■ **What the task asks**: In the listing that follows, count each line containing the string "Definition" and report only the count.

■ **Data records**:
Definition arc_codes : seq (nat * nat * nat) := [::
  (0,0,1); (0,1,1); (0,1,2); (0,1,3); (0,1,4); (0,1,5); (0,1,18); (0,1,23); (0,1,26); (1,0,0);
  (1,0,1); (1,0,9); (1,0,11); (1,0,12); (1,0,13); (1,0,15); (1,0,16); (1,1,0); (1,1,1); (1,1,6);
  (1,1,7); (1,1,8); (1,1,9); (1,1,13); (1,1,16); (1,2,0); (1,2,1); (1,3,5); (1,3,10); (1,3,15);
  (1,3,19); (1,3,20); (1,3,23); (1,3,25); (1,3,26); (1,4,3); (1,4,12); (1,4,17); (1,4,18); (1,4,20);
  (1,4,21); (1,4,22); (1,4,26); (1,5,4); (1,5,11); (1,5,14); (1,5,18); (1,5,22); (1,5,23); (1,5,24);
  (1,5,25); (1,6,3); (1,6,6); (1,6,11); (1,6,14); (1,6,15); (1,6,20); (1,6,25); (1,6,26); (1,7,5);
  (1,7,7); (1,7,11); (1,7,12); (1,7,17); (1,7,22); (1,7,23); (1,7,25); (1,8,4); (1,8,8); (1,8,10);
  (1,8,12); (1,8,15); (1,8,18); (1,8,20); (1,8,22); (1,9,1); (1,9,3); (1,9,13); (1,9,19); (1,9,22);
  (1,10,1); (1,10,4); (1,10,8); (1,10,12); (1,10,14); (1,10,16); (1,10,17); (1,10,20); (1,11,5); (1,11,6);
  (1,11,7); (1,11,11); (1,11,13); (1,11,17); (1,11,20); (1,11,23); (1,12,4); (1,12,7); (1,12,8); (1,12,10);
  (1,12,12); (1,12,16); (1,12,18); (1,12,25); (1,13,1); (1,13,5); (1,13,16); (1,13,20); (1,13,24); (1,14,1);
  (1,14,3); (1,14,6); (1,14,9); (1,14,10); (1,14,15); (1,14,17); (1,14,25); (1,15,3); (1,15,6); (1,15,8);
  (1,15,9); (1,15,14); (1,15,15); (1,15,22); (1,15,26); (1,16,1); (1,16,4); (1,16,9); (1,16,21); (1,16,25);
  (1,17,1); (1,17,5); (1,17,7); (1,17,10); (1,17,11); (1,17,13); (1,17,14); (1,17,22); (1,18,4); (1,18,6);
  (1,18,8); (1,18,13); (1,18,16); (1,18,22); (1,18,23); (1,18,25); (1,19,4); (1,19,5); (1,19,7); (1,19,8);
  (1,19,13); (1,19,16); (1,19,23); (1,19,24); (1,20,5); (1,20,17); (1,20,19); (1,20,21); (1,20,24); (1,21,3);
  (1,21,5); (1,21,6); (1,21,7); (1,21,9); (1,21,13); (1,21,19); (1,21,26); (1,22,3); (1,22,14); (1,22,19);
  (1,22,21); (1,22,24); (1,23,5); (1,23,7); (1,23,8); (1,23,9); (1,23,13); (1,23,20); (1,23,25); (1,23,26);
  (1,24,3); (1,24,4); (1,24,6); (1,24,8); (1,24,9); (1,24,16); (1,24,18); (1,24,21); (1,25,4); (1,25,10);
  (1,25,19); (1,25,21); (1,25,24); (1,26,3); (1,26,6); (1,26,7); (1,26,9); (1,26,16); (1,26,18); (1,26,20);
  (1,26,22)].
Definition arc_points : seq vec27 := map decode arc_codes.
Definition witness_line : vec27 := decode (0, 1, 0)%N.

■ **Exercise output**: 3